[Dataset entries]

(* There exists a PBD$(53,\{3,5\})$ of dimension three.
   Context: For a positive integer $v$ and $K \subseteq \{2,3,4,\dots\}$, a pairwise balanced design PBD$(v,K)$ is a pair $(X,\mathcal{B})$ where $X$ is a $v$-set of points and $\mathcal{B}$ is a family of subsets of $X$ (blocks), each of size in $K$, such that any two distinct points of $X$ lie together in exactly one block. A flat (subdesign) is a pair $(Y,\mathcal{B}_Y)$ with $Y \subseteq X$ and $\mathcal{B}_Y = \{B \in \mathcal{B} : B \subseteq Y\}$ such that any two distinct points of $Y$ lie together in exactly one block of $\mathcal{B}_Y$; it is proper if $Y \ne X$. The dimension of the PBD is the maximum integer $d$ such that every set of $d$ points is contained in a proper flat. *)

From mathcomp Require Import all_boot.
Set Implicit Arguments. Unset Strict Implicit. Unset Printing Implicit Defensive.

Section PBD.
Variable T : finType.

Definition is_PBD (K : pred nat) (B : {set {set T}}) : Prop :=
  (forall b, b \in B -> K #|b|) /\
  (forall x y : T, x != y ->
     #|[set b in B | (x \in b) && (y \in b)]| = 1).

Definition is_flat (B : {set {set T}}) (Y : {set T}) : Prop :=
  forall x y : T, x \in Y -> y \in Y -> x != y ->
    #|[set b in B | (b \subset Y) && ((x \in b) && (y \in b))]| = 1.

Definition is_proper_flat (B : {set {set T}}) (Y : {set T}) : Prop :=
  is_flat B Y /\ Y != [set: T].

Definition all_dsets_in_proper_flat (B : {set {set T}}) (d : nat) : Prop :=
  forall S : {set T}, #|S| = d ->
    exists Y : {set T}, is_proper_flat B Y /\ S \subset Y.

Definition has_dimension (B : {set {set T}}) (d : nat) : Prop :=
  d <= #|T| /\ all_dsets_in_proper_flat B d /\
  (forall d', d' <= #|T| -> all_dsets_in_proper_flat B d' -> d' <= d).

End PBD.

From mathcomp Require Import all_boot.
Set Implicit Arguments. Unset Strict Implicit. Unset Printing Implicit Defensive.

(* The design is the projective space PG(3,4) with the symmetric difference of
   two planes removed: its 53 points are the 5 points of the common line and
   the 48 points off both planes.  The blocks are the traces of lines: the
   common line and every line through one of its points lying in neither
   plane keep 5 points, every other line with two surviving points keeps 3. *)

Section FlatsOfLinearSpaces.
Variables (T : finType) (B : {set {set T}}).

Hypothesis pair_axiom : forall x y : T, x != y ->
  #|[set b in B | (x \in b) && (y \in b)]| = 1.

Lemma unique_block (x y : T) : x != y ->
  exists b, forall b', (b' \in B) && ((x \in b') && (y \in b')) = (b' == b).
Proof.
move=> xy; have /cards1P [b Eb] := introT eqP (pair_axiom xy).
by exists b => b'; move/setP: Eb => /(_ b'); rewrite !inE.
Qed.

Definition block_closed (Y : {set T}) : Prop :=
  forall b x y, b \in B -> x \in b -> y \in b -> x != y ->
    x \in Y -> y \in Y -> b \subset Y.

Lemma flat_block_closed (Y : {set T}) : is_flat B Y -> block_closed Y.
Proof.
move=> flatY b x y bB xb yb xy xY yY; have [b0 Eb0] := unique_block xy.
have : 0 < #|[set b in B | (b \subset Y) && ((x \in b) && (y \in b))]|.
  by rewrite flatY.
case/card_gt0P => b'; rewrite inE => /and3P [b'B b'Y xyb'].
have /eqP -> : b == b0 by rewrite -Eb0 bB xb yb.
by have /eqP <- : b' == b0 by rewrite -Eb0 b'B xyb'.
Qed.

Lemma block_closed_flat (Y : {set T}) : block_closed Y -> is_flat B Y.
Proof.
move=> closedY x y xY yY xy; have [b Eb] := unique_block xy.
suff -> : [set b' in B | (b' \subset Y) && ((x \in b') && (y \in b'))] = [set b].
  exact: cards1.
apply/setP => b'; rewrite !inE andbCA Eb andbC.
have [-> | _] //= := eqVneq b' b.
have /and3P [bB xb yb] : [&& b \in B, x \in b & y \in b] by rewrite Eb.
exact: (closedY _ _ _ bB xb yb xy xY yY).
Qed.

Exercise: Return each line of the entries that holds the string "rewrite".

Response area:
by exists b => b'; move/setP: Eb => /(_ b'); rewrite !inE.
  by rewrite flatY.
case/card_gt0P => b'; rewrite inE => /and3P [b'B b'Y xyb'].
have /eqP -> : b == b0 by rewrite -Eb0 bB xb yb.
by have /eqP <- : b' == b0 by rewrite -Eb0 b'B xyb'.
apply/setP => b'; rewrite !inE andbCA Eb andbC.
have /and3P [bB xb yb] : [&& b \in B, x \in b & y \in b] by rewrite Eb.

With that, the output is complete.